Business Owners Beware of the New York City Freelance Isn’t Free Act
There are many benefits to working with independent contractors / freelancers instead of hiring full time employees: flexibility, reduced legal risk, no payroll costs, no commitments, no benefits, and no hassle. As an added bonus, you can likely haggle them down to accept less on an invoice because, after all, they likely need the money, right? Not exactly. Business owners beware of the stringent protections in place to protect freelancers in New York City. This article briefly discusses the New York City Freelance Isn’t Free Act (“FIFA”).
The Freelance Isn’t Free Act
On May 15, 2017, the New York City Freelance Isn’t Free Act took effect and established enhanced protections for freelance workers:
All contracts worth $800 or more must be in writing. This includes all agreements between you and a freelance worker that total $800 in any 120-day period.
Written contracts must spell out the work to be performed; the pay for the work; and the payment date.
You and the freelance worker must keep a copy of any written contract.
You must pay a freelance worker for all completed work.
You must make payment on or before the date that is in the contract.
If the contract does not include a payment date, you must pay the freelance worker within 30 days after the work is completed.
If a freelance worker files a complaint with New York City Department of Corporate Affairs (DCA) Office of Labor Policy & Standards (OLPS), the DCA will notify you.
You must respond to the notice of complaint in writing within twenty (20) days. If you fail to do so and if the freelance worker files a civil action in court, the judge will presume that you committed the violations.
Under FIFA, it is illegal to penalize, threaten, or blacklist freelance workers because they exercised their rights. The law establishes severe penalties for violations of these rights, including statutory damages, double damages, injunctive relief, and attorney’s fees. That means your business could potentially owe the freelancer twice the amount of the unpaid invoice!
Where there is evidence of a pattern or practice of violations, the New York City Corporation Counsel--New York City's "in-house" lawyers--may bring civil action to recover a civil penalty of not more than $25,000. FIFA also requires OLPS to receive complaints, create a court navigation program, and gather data and report on the effectiveness of the law.

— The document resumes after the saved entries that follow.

(* Let $R\in\mathbb{R}[x]$, $\delta\in\mathbb{R}$, and $Q=R\circ x^2\circ(x-\delta)$, with $n=\deg Q$. 1) If $n\ge6$ and $Ch_2(Q)=Ch_3(Q)=0$, then $4\delta$ is not an algebraic integer unless $\delta=0$. 2) If $n\ge9$ and $Ch_2(Q)=Ch_4(Q)=Ch_5(Q)=0$, then $4\delta$ is not an algebraic integer unless $\delta=0$.
   Context: $T_k$ denotes the Chebyshev polynomial of the first kind of degree $k$, $T_k(\cos\phi)=\cos(k\phi)$. Every real polynomial $Q$ of degree $n$ can be uniquely written as $Q=\sum_{k=0}^n d_kT_k$ with $d_k\in\mathbb{R}$; set $Ch_i(Q)=d_{n-i}$ for $0\le i\le n$. An algebraic integer is a complex root of a monic polynomial with integer coefficients. $Q(x)=R((x-\delta)^2)$. *)

From HB Require Import structures.
From mathcomp Require Import all_boot all_order all_algebra.
Set Implicit Arguments. Unset Strict Implicit. Unset Printing Implicit Defensive.
Import Order.TTheory GRing.Theory Num.Theory.
Local Open Scope ring_scope.

(* Chebyshev polynomials of the first kind: T_0 = 1, T_1 = X,
   T_(k+2) = 2 X T_(k+1) - T_k  (equivalently T_k(cos t) = cos(k t)). *)
Fixpoint chebT_pair (R : nzRingType) (k : nat) : {poly R} * {poly R} :=
  match k with
  | 0 => (1, 'X)
  | k'.+1 => let: (a, b) := chebT_pair R k' in (b, 'X *+ 2 * b - a)
  end.

Definition chebT (R : nzRingType) (k : nat) : {poly R} := (chebT_pair R k).1.

Definition cheb_coords (R : nzRingType) (Q : {poly R}) (d : nat -> R) : Prop :=
  Q = \sum_(k < (size Q).-1.+1) d k *: chebT R k.

(* Ch_i(Q) = 0, i.e. d_(n-i) = 0 where n = deg Q. Since the Chebyshev
   expansion is unique, this is stated via the coordinate sequence. *)
Definition Ch_zero (R : nzRingType) (Q : {poly R}) (is_ : seq nat) : Prop :=
  exists d : nat -> R, cheb_coords Q d /\
    forall i, i \in is_ -> d ((size Q).-1 - i)%N = 0.

Definition is_algint (R : nzRingType) (x : R) : Prop :=
  exists p : {poly int}, p \is monic /\ root (map_poly intr p) x.

From HB Require Import structures.
From mathcomp Require Import all_boot all_order all_algebra.
From mathcomp Require Import ring zify.
Set Implicit Arguments. Unset Strict Implicit. Unset Printing Implicit Defensive.
Import Order.TTheory GRing.Theory Num.Theory.
Local Open Scope ring_scope.

(* Let d be the Chebyshev coordinates of Q, n = deg Q. As T_k has leading coefficient
   2^(k-1), vanishing coefficients at degrees k-1, k-3, k-5 and coefficients
   -k 2^(k-3) and k(k-3) 2^(k-5) at degrees k-2 and k-4, each of d_(n-2), ..., d_(n-5)
   is a fixed linear combination of the top six coefficients of Q.  Since
   Q(x) = R((x - delta)^2), these coefficients are binomial expressions in delta and the
   top three coefficients of R.  Eliminating R from the vanishing conditions leaves an
   equation over Z for z = 4 delta:
     (n-1)(n-2) z^2 = 12                                        in case 1,
     (n-1)(n-2)(n-3)(n-4) z^4 - 30 (n-2)(n-3) z^2 + 120 = 0     in case 2.
   If an algebraic integer w satisfies a w^2 + b w + c = 0 over Z, pseudo-divide a monic
   integer equation of w by this quadratic: a zero remainder forces a | c by Gauss's
   lemma on contents, and a nonzero (hence linear) one makes w a rational integer.
   For the equations above both alternatives fail because the leading coefficient is
   too large. *)

Section ChebyshevRecurrence.
Variable R : nzRingType.
Notation T := (chebT R).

If your business regularly utilizes freelancers, take the time to understand the Freelance Isn’t Free Act and its potentially draconian punishments. Of course, paying your undisputed invoices in a timely fashion is the simplest way to avoid the crosshairs of the Freelance Isn’t Free Act. But if you do become involved in a dispute over a freelancer’s unpaid invoices be certain that any such settlement agreement you enter into to resolve it accounts for these rights and is drafted accordingly.